*WORK TASK*.
Needed from the data below: every line from the one with "(s : 'S_n) (A : 'M['F_2]_(css_k" up to and including the one with "(* Two CSS logical", repeated exactly and with nothing else.

╔══

(* If a CSS code $(H_X,H_Z)$ is phantom, then for every CSS logical basis $(L_X,L_Z)$ of that code and every ordered pair $(a,b)\in[k]^2$ with $a\ne b$, there exists a permutation $\pi\in S_n$ that implements $I_k+E_{ab}$ in the basis $(L_X,L_Z)$.
   Context: Conventions. All arithmetic is over $\mathbb F_2$; vectors are row vectors; $|v|$ is the Hamming weight; $\mathrm{rs}(M)$ is the row space of $M$ and $\ker M=\{v: Mv^T=0\}$; $E_{ab}\in\mathbb F_2^{k\times k}$ is the matrix unit with a single $1$ in position $(a,b)$; $A^{-T}=(A^{-1})^T$. A CSS code on $n$ qubits is specified by $H_X\in\mathbb F_2^{r_X\times n}$, $H_Z\in\mathbb F_2^{r_Z\times n}$ with $H_XH_Z^T=0$; it has $k=n-\operatorname{rank}H_X-\operatorname{rank}H_Z$ logical qubits, $X$-distance $d_X=\min\{|v|:v\in\ker H_Z\setminus\mathrm{rs}(H_X)\}$, $Z$-distance $d_Z=\min\{|v|:v\in\ker H_X\setminus\mathrm{rs}(H_Z)\}$, and distance $d=\min(d_X,d_Z)$. A CSS logical basis is a pair $L_X,L_Z\in\mathbb F_2^{k\times n}$ with rows of $L_X$ in $\ker H_Z$, rows of $L_Z$ in $\ker H_X$, and $L_XL_Z^T=I_k$. For a permutation $\pi\in S_n$ with permutation matrix $P$ (so $v\mapsto vP$ permutes coordinates) and $A\in GL(k,\mathbb F_2)$, $\pi$ implements the logical CNOT circuit $A$ in the basis $(L_X,L_Z)$ if $\mathrm{rs}(H_XP)=\mathrm{rs}(H_X)$, $\mathrm{rs}(H_ZP)=\mathrm{rs}(H_Z)$, every row of $L_XP-AL_X$ lies in $\mathrm{rs}(H_X)$, and every row of $L_ZP-A^{-T}L_Z$ lies in $\mathrm{rs}(H_Z)$. The logical $\mathrm{CNOT}_{ab}$ ($a\neq b$) corresponds to $A=I_k+E_{ab}$. The CSS code is phantom if there is a CSS logical basis in which, for every ordered pair $(a,b)\in[k]^2$ with $a\neq b$, some permutation implements $I_k+E_{ab}$. *)

From mathcomp Require Import all_boot all_algebra all_fingroup.
Set Implicit Arguments. Unset Strict Implicit. Unset Printing Implicit Defensive.
Import GRing.Theory.
Local Open Scope ring_scope.

(* All matrices are over F_2 = 'F_2; vectors are rows; the permutation matrix
   of s : 'S_n is perm_mx s and v |-> v *m perm_mx s permutes coordinates. *)

Section CSS.
Variables (rX rZ n : nat).
Implicit Types (HX : 'M['F_2]_(rX, n)) (HZ : 'M['F_2]_(rZ, n)).

Definition css_code HX HZ : Prop := HX *m HZ^T = 0.

Definition css_k HX HZ : nat := (n - \rank HX - \rank HZ)%N.

Definition css_logical_basis HX HZ (LX LZ : 'M['F_2]_(css_k HX HZ, n)) : Prop :=
  [/\ LX *m HZ^T = 0, LZ *m HX^T = 0 & LX *m LZ^T = 1%:M].

Definition cnot_mx (k : nat) (a b : 'I_k) : 'M['F_2]_k := 1%:M + delta_mx a b.

Definition implements HX HZ (LX LZ : 'M['F_2]_(css_k HX HZ, n))
    (s : 'S_n) (A : 'M['F_2]_(css_k HX HZ)) : Prop :=
  let P := perm_mx s in
  [/\ (HX *m P == HX)%MS, (HZ *m P == HZ)%MS,
      (LX *m P - A *m LX <= HX)%MS
    & (LZ *m P - (invmx A)^T *m LZ <= HZ)%MS].

Definition phantom_code HX HZ : Prop :=
  exists LX LZ : 'M['F_2]_(css_k HX HZ, n),
    css_logical_basis LX LZ /\
    forall a b : 'I_(css_k HX HZ), a != b ->
      exists s : 'S_n, implements LX LZ s (cnot_mx a b).

End CSS.

(* Two CSS logical bases differ by some B in GL(k) modulo stabilizers:
   L_X = B L_X0 + M H_X and L_Z = B^-T L_Z0 + N H_Z. A permutation implementing
   A0 in the phantom basis (L_X0, L_Z0) therefore implements B A0 B^-1 in
   (L_X, L_Z), so it suffices that B^-1 CNOT_ab B be implementable in the
   phantom basis. That matrix is the transvection I + u w with u = B^-1 e_a,
   w = e_b^T B and w u = 0. Over F_2 every such transvection is a product of
   CNOTs: conjugating by CNOTs reduces u to a unit vector e_i, and I + e_i w is
   the product of the CNOT_ij for j in the support of w. Finally, circuits
   implementable by permutations are closed under products. *)

From mathcomp Require Import all_boot all_algebra all_fingroup.
From mathcomp Require Import zify.
Set Implicit Arguments. Unset Strict Implicit. Unset Printing Implicit Defensive.
Import GRing.Theory.
Local Open Scope ring_scope.

Lemma pchar_F2 : 2 \in [pchar 'F_2]. Proof. exact: pchar_Fp. Qed.

Lemma F2_neq0 (x : 'F_2) : x != 0 -> x = 1.
Proof. by case: x => [[|[|//]]] // ? _; apply: val_inj. Qed.

Lemma oppmx_F2 m n (A : 'M['F_2]_(m, n)) : - A = A.
Proof. by apply/matrixP => i j; rewrite mxE (oppr_pchar2 pchar_F2). Qed.

Definition mxsupport (R : zmodType) m n (A : 'M[R]_(m, n)) : {set 'I_m * 'I_n} :=
  [set ij | A ij.1 ij.2 != 0].

Lemma card_mxsupport_subdelta m n (A : 'M['F_2]_(m, n)) i j :
  A i j != 0 -> (#|mxsupport (A - delta_mx i j)| < #|mxsupport A|)%N.
Proof.
move=> Aij; apply: proper_card; apply/properP; split.
  apply/subsetP => -[x y]; rewrite !inE !mxE /=.
  by case: (x =P i) => [->|_]; case: (y =P j) => [->|_]; rewrite ?subr0.
by exists (i, j); rewrite !inE ?Aij // !mxE !eqxx (F2_neq0 Aij) subrr eqxx.
Qed.

Section Transvection.
Variables (R : pzRingType) (k : nat).
Implicit Types (u : 'cV[R]_k) (w : 'rV[R]_k).

Definition transvection u w : 'M[R]_k := 1%:M + u *m w.

Lemma transvection0l w : transvection 0 w = 1%:M.
Proof. by rewrite /transvection mul0mx addr0. Qed.

Lemma transvection0r u : transvection u 0 = 1%:M.
Proof. by rewrite /transvection mulmx0 addr0. Qed.

Lemma transvectionDr u w1 w2 : w1 *m u = 0 ->
  transvection u (w1 + w2) = transvection u w1 *m transvection u w2.
Proof.
move=> w1u; rewrite /transvection mulmxDl !mulmxDr !mul1mx mulmx1.
by rewrite !mulmxA -(mulmxA u w1) w1u mulmx0 mul0mx addr0 addrA addrAC.
Qed.

Lemma transvection_conj (Y X : 'M[R]_k) u w : Y *m X = 1%:M ->
  Y *m transvection u w *m X = transvection (Y *m u) (w *m X).
Proof. by move=> YX; rewrite /transvection mulmxDr mulmx1 mulmxDl YX !mulmxA. Qed.

End Transvection.

Lemma cnot_mxE k (i j : 'I_k) :
  cnot_mx i j = transvection (delta_mx i 0) (delta_mx 0 j).
Proof. by rewrite /transvection mul_delta_mx. Qed.

Lemma cnot_mxK k (i j : 'I_k) : i != j -> cnot_mx i j *m cnot_mx i j = 1%:M.
Proof.
move=> ij; rewrite cnot_mxE -transvectionDr ?mul_delta_mx_0 1?eq_sym //.
by rewrite -[X in X + _]oppmx_F2 addNr transvection0r.
Qed.

Lemma cnot_mx_unit k (i j : 'I_k) : i != j -> cnot_mx i j \in unitmx.
Proof. by move/cnot_mxK/mulmx1_unit=> []. Qed.

Section CnotGeneration.
Variables (k : nat) (G : 'M['F_2]_k -> Prop).
Hypotheses (G1 : G 1%:M) (GM : forall A B, G A -> G B -> G (A *m B)).
Hypothesis G_cnot : forall i j : 'I_k, i != j -> G (cnot_mx i j).

Lemma cnot_closed_transvection_delta (i : 'I_k) (w : 'rV_k) :
  w 0 i = 0 -> G (transvection (delta_mx i 0) w).
Proof.
have [m] := ubnP #|mxsupport w|; elim: m w => // m IH w lt_w_m wi0.
have [->|/matrix0Pn[z [j wj]]] := eqVneq w 0; first by rewrite transvection0r.
rewrite (ord1 z) in wj.
have ji : j != i by apply: contraNneq wj => ->; rewrite wi0.
rewrite -(subrK (delta_mx 0 j) w) addrC transvectionDr ?mul_delta_mx_0 //.
apply: GM; first by rewrite -cnot_mxE; apply: G_cnot; rewrite eq_sym.
apply: IH; first exact: leq_trans (card_mxsupport_subdelta wj) _.
by rewrite !mxE eqxx eq_sym (negbTE ji) subr0.
Qed.

Lemma cnot_closed_transvection (u : 'cV_k) (w : 'rV_k) :
  w *m u = 0 -> G (transvection u w).
Proof.
have [m] := ubnP #|mxsupport u|; elim: m u w => // m IH u w lt_u_m wu0.
have [->|/matrix0Pn[i [z ui]]] := eqVneq u 0; first by rewrite transvection0l.
rewrite (ord1 z) in ui.
have [u_i|/matrix0Pn[j [z' uj]]] := eqVneq (u - delta_mx i 0) 0.
  rewrite (subr0_eq u_i) in wu0 *; apply: cnot_closed_transvection_delta.
  by move/matrixP/(_ 0 0): wu0; rewrite -colE !mxE.
rewrite (ord1 z') !mxE eqxx andbT in uj.
have ji : j != i by apply: contraNneq uj => ->; rewrite eqxx (F2_neq0 ui) subrr.
rewrite (negbTE ji) subr0 in uj.
(* Conjugating by CNOT_ji clears the entry j of u. *)
set c := cnot_mx j i; have cc : c *m c = 1%:M by apply: cnot_mxK.
have cu : c *m u = u - delta_mx j 0.
  rewrite /c /cnot_mx mulmxDl mul1mx oppmx_F2; congr (_ + _).
  rewrite -(mul_delta_mx (0 : 'I_1)) -mulmxA -rowE.
  suff -> : row i u = 1%:M by rewrite mulmx1.
  by apply/matrixP => x y; rewrite (ord1 x) (ord1 y) !mxE (F2_neq0 ui).
have -> : transvection u w = c *m transvection (c *m u) (w *m c) *m c.
  by rewrite transvection_conj // mulmxA cc mul1mx -mulmxA cc mulmx1.
apply: GM; first apply: GM; [exact: G_cnot| |exact: G_cnot].
apply: IH; first by rewrite cu; exact: leq_trans (card_mxsupport_subdelta uj) _.
by rewrite -mulmxA (mulmxA c) cc mul1mx.
Qed.

End CnotGeneration.

Section ActionModulo.
Variables (F : fieldType) (r n k : nat) (H : 'M[F]_(r, n)).
Implicit Types (L : 'M[F]_(k, n)) (P : 'M[F]_n) (A X : 'M[F]_k).

Definition acts_mod L P A := (L *m P - A *m L <= H)%MS.

Lemma acts_modM L P1 P2 A1 A2 : (H *m P2 <= H)%MS ->
  acts_mod L P1 A1 -> acts_mod L P2 A2 -> acts_mod L (P1 *m P2) (A1 *m A2).
Proof.
move=> HP2 act1 act2; rewrite /acts_mod.
have -> : L *m (P1 *m P2) - A1 *m A2 *m L =
          (L *m P1 - A1 *m L) *m P2 + A1 *m (L *m P2 - A2 *m L).
  by rewrite mulmxBl mulmxBr !mulmxA addrA subrK.
apply: addmx_sub; last exact: mulmx_sub.
exact: submx_trans (submxMr P2 act1) HP2.
Qed.

Lemma acts_mod_transfer L0 L P X A0 A : (H *m P <= H)%MS ->
  (L - X *m L0 <= H)%MS -> acts_mod L0 P A0 -> A *m X = X *m A0 ->
  acts_mod L P A.
Proof.
move=> HP; set Y := L - X *m L0 => HY act0 AX; rewrite /acts_mod.
have -> : L = X *m L0 + Y by rewrite /Y addrC subrK.
clearbody Y.
have -> : (X *m L0 + Y) *m P - A *m (X *m L0 + Y) =
          X *m (L0 *m P - A0 *m L0) + (Y *m P - A *m Y).
  by rewrite mulmxDl mulmxDr mulmxBr !mulmxA AX opprD addrACA.
apply: addmx_sub; first exact: mulmx_sub.
apply: addmx_sub; last by rewrite eqmx_opp mulmx_sub.
exact: submx_trans (submxMr P HY) HP.
Qed.

End ActionModulo.

Lemma invmxM (R : comUnitRingType) k (A B : 'M[R]_k) :
  A \in unitmx -> B \in unitmx -> invmx (A *m B) = invmx B *m invmx A.
Proof.
move=> uA uB; have uAB : A *m B \in unitmx by rewrite unitmx_mul uA uB.
have BAAB : invmx B *m invmx A *m (A *m B) = 1%:M.
  by rewrite -mulmxA (mulmxA (invmx A)) mulVmx // mul1mx mulVmx.
by rewrite -[LHS]mul1mx -BAAB mulmxK.
Qed.

Lemma kermx_sub_logical (F : fieldType) r1 r2 n k (H1 : 'M[F]_(r1, n))
    (H2 : 'M[F]_(r2, n)) (L1 L2 : 'M[F]_(k, n)) :
  H1 *m H2^T = 0 -> L1 *m H2^T = 0 -> L2 *m H1^T = 0 -> L1 *m L2^T = 1%:M ->
  k = (n - \rank H1 - \rank H2)%N -> (kermx H2^T <= L1 + H1)%MS.
Proof.
move=> H12 L1H2 L2H1 L12 def_k.
(* L1 meets H1 trivially, so L1 + H1 already has the dimension of the kernel. *)
have capL1H1 : (L1 :&: H1)%MS = 0.
  have [c def_c] := submxP (capmxSl L1 H1).
  have [d def_d] := submxP (capmxSr L1 H1).
  have : (L1 :&: H1)%MS *m L2^T = 0.
    by rewrite {1}def_d -mulmxA -(trmxK H1) -trmx_mul L2H1 trmx0 mulmx0.
  by rewrite {1}def_c -mulmxA L12 mulmx1 => c0; rewrite def_c c0 mul0mx.
have rankL1 : \rank L1 = k.
  apply/eqP; rewrite eqn_leq rank_leq_row -{1}(mxrank1 F k) -L12.
  exact: mxrankM_maxl.
have sumL1H1 : \rank (L1 + H1)%MS = (k + \rank H1)%N.
  by have := mxrank_sum_cap L1 H1; rewrite capL1H1 mxrank0 addn0 rankL1.
have L1H1_ker : (L1 + H1 <= kermx H2^T)%MS.
  by rewrite addsmx_sub; apply/andP; split; apply/sub_kermxP.
have rank_ker : \rank (kermx H2^T) = (n - \rank H2)%N.
  by rewrite mxrank_ker mxrank_tr.
rewrite -(mxrank_leqif_sup L1H1_ker).2 sumL1H1 rank_ker; apply/eqP.
by have := mxrankS L1H1_ker; rewrite sumL1H1 rank_ker; lia.
Qed.

Section CSSLogicalOperators.
Variables (rX rZ n : nat) (HX : 'M['F_2]_(rX, n)) (HZ : 'M['F_2]_(rZ, n)).
Local Notation k := (css_k HX HZ).
Implicit Types (LX LZ : 'M['F_2]_(k, n)) (A B : 'M['F_2]_k) (s : 'S_n).

Lemma css_logical_basis_change LX0 LZ0 LX LZ :
  css_code HX HZ -> css_logical_basis LX0 LZ0 -> css_logical_basis LX LZ ->
  exists2 B, B \in unitmx &
    (LX - B *m LX0 <= HX)%MS /\ (LZ - (invmx B)^T *m LZ0 <= HZ)%MS.
Proof.
move=> css [X0HZ Z0HX XZ0] [XHZ ZHX XZ].
have ZX0 : LZ0 *m LX0^T = 1%:M by rewrite -[LHS]trmxK trmx_mul trmxK XZ0 trmx1.
have HZX : HZ *m HX^T = 0 by rewrite -[LHS]trmxK trmx_mul trmxK css trmx0.
have HXZ0 : HX *m LZ0^T = 0 by rewrite -[LHS]trmxK trmx_mul trmxK Z0HX trmx0.
have /sub_addsmxP[[B M] /= defX] : (LX <= LX0 + HX)%MS.
  apply: submx_trans _ (kermx_sub_logical css X0HZ Z0HX XZ0 _) => //.
  exact/sub_kermxP.
have /sub_addsmxP[[C N] /= defZ] : (LZ <= LZ0 + HZ)%MS.
  apply: submx_trans _ (kermx_sub_logical HZX Z0HX X0HZ ZX0 _).
    exact/sub_kermxP.
  by rewrite /css_k subnAC.
have BC : B *m C^T = 1%:M.
  rewrite -XZ defX defZ linearD /= !trmx_mul mulmxDl !mulmxDr !mulmxA.
  rewrite -!(mulmxA B LX0) -!(mulmxA M HX) XZ0 X0HZ HXZ0 (css : HX *m HZ^T = 0).
  by rewrite !(mulmx0, mul0mx) mulmx1 !addr0.
have [uB _] := mulmx1_unit BC.
have CT : C^T = invmx B by rewrite -[LHS]mul1mx -(mulVmx uB) -mulmxA BC mulmx1.
exists B => //; rewrite -CT trmxK defX defZ.
by split; rewrite addrC addKr submxMl.
Qed.

Lemma implements1 LX LZ : implements LX LZ 1%g 1%:M.
Proof.
rewrite /implements perm_mx1 !mulmx1 !mul1mx invmx1 trmx1 mul1mx !subrr.
by split; rewrite ?sub0mx //; apply/eqmxP.
Qed.

Lemma implementsM LX LZ s1 s2 A1 A2 : A1 \in unitmx -> A2 \in unitmx ->
  implements LX LZ s1 A1 -> implements LX LZ s2 A2 ->
  implements LX LZ (s1 * s2)%g (A1 *m A2).
Proof.
move=> uA1 uA2 [X1 Z1 actX1 actZ1] [X2 Z2 actX2 actZ2].
rewrite /implements perm_mxM !mulmxA; split.
- exact/eqmxP/(eqmx_trans (eqmxMr _ (eqmxP X1)) (eqmxP X2)).
- exact/eqmxP/(eqmx_trans (eqmxMr _ (eqmxP Z1)) (eqmxP Z2)).
- by rewrite -mulmxA; apply: acts_modM actX1 actX2; case/andP: X2.
rewrite -mulmxA invmxM // trmx_mul.
by apply: acts_modM actZ1 actZ2; case/andP: Z2.
Qed.

Lemma implements_basis_change LX0 LZ0 LX LZ B A0 A s :
  B \in unitmx -> A0 \in unitmx -> A \in unitmx ->
  (LX - B *m LX0 <= HX)%MS -> (LZ - (invmx B)^T *m LZ0 <= HZ)%MS ->
  A *m B = B *m A0 -> implements LX0 LZ0 s A0 -> implements LX LZ s A.
Proof.
move=> uB uA0 uA defX defZ AB [X Z actX actZ]; split => //.
  by apply: acts_mod_transfer defX actX AB; case/andP: X.
apply: acts_mod_transfer defZ actZ _; first by case/andP: Z.
by rewrite -!trmx_mul -!invmxM // AB.
Qed.

Definition implementable LX LZ A := A \in unitmx /\ exists s, implements LX LZ s A.

Lemma implementable1 LX LZ : implementable LX LZ 1%:M.
Proof. by split; [exact: unitmx1 | exists 1%g; exact: implements1]. Qed.

Lemma implementableM LX LZ A1 A2 :
  implementable LX LZ A1 -> implementable LX LZ A2 ->
  implementable LX LZ (A1 *m A2).
Proof.
move=> [uA1 [s1 impl1]] [uA2 [s2 impl2]].
by split; [rewrite unitmx_mul uA1 | exists (s1 * s2)%g; exact: implementsM].
Qed.

End CSSLogicalOperators.

Theorem mainTheorem6 (rX rZ n : nat)
    (HX : 'M['F_2]_(rX, n)) (HZ : 'M['F_2]_(rZ, n)) :
  css_code HX HZ ->
  phantom_code HX HZ ->
  forall LX LZ : 'M['F_2]_(css_k HX HZ, n),
    css_logical_basis LX LZ ->
    forall a b : 'I_(css_k HX HZ), a != b ->
      exists s : 'S_n, implements LX LZ s (cnot_mx a b).
Proof.
move=> css [LX0 [LZ0 [basis0 cnot0]]] LX LZ basis a b ab.
have [B uB [defX defZ]] := css_logical_basis_change css basis0 basis.
have cnot_impl i j : i != j -> implementable LX0 LZ0 (cnot_mx i j).
  by move=> ij; split; [exact: cnot_mx_unit | exact: cnot0].
have [uA0 [s impl0]] : implementable LX0 LZ0 (invmx B *m cnot_mx a b *m B).
  rewrite cnot_mxE transvection_conj ?mulVmx //.
  apply: cnot_closed_transvection (implementable1 LX0 LZ0) _ cnot_impl _ _ _.
    exact: implementableM.
  by rewrite mulmxA mulmxK // mul_delta_mx_0 // eq_sym.
exists s; apply: (implements_basis_change uB uA0 (cnot_mx_unit ab) defX defZ)
  impl0.
by rewrite !mulmxA mulmxV // mul1mx.
Qed.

╚══

*COMPLETED EXERCISE*.
    (s : 'S_n) (A : 'M['F_2]_(css_k HX HZ)) : Prop :=
  let P := perm_mx s in
  [/\ (HX *m P == HX)%MS, (HZ *m P == HZ)%MS,
      (LX *m P - A *m LX <= HX)%MS
    & (LZ *m P - (invmx A)^T *m LZ <= HZ)%MS].

Definition phantom_code HX HZ : Prop :=
  exists LX LZ : 'M['F_2]_(css_k HX HZ, n),
    css_logical_basis LX LZ /\
    forall a b : 'I_(css_k HX HZ), a != b ->
      exists s : 'S_n, implements LX LZ s (cnot_mx a b).

End CSS.

(* Two CSS logical bases differ by some B in GL(k) modulo stabilizers:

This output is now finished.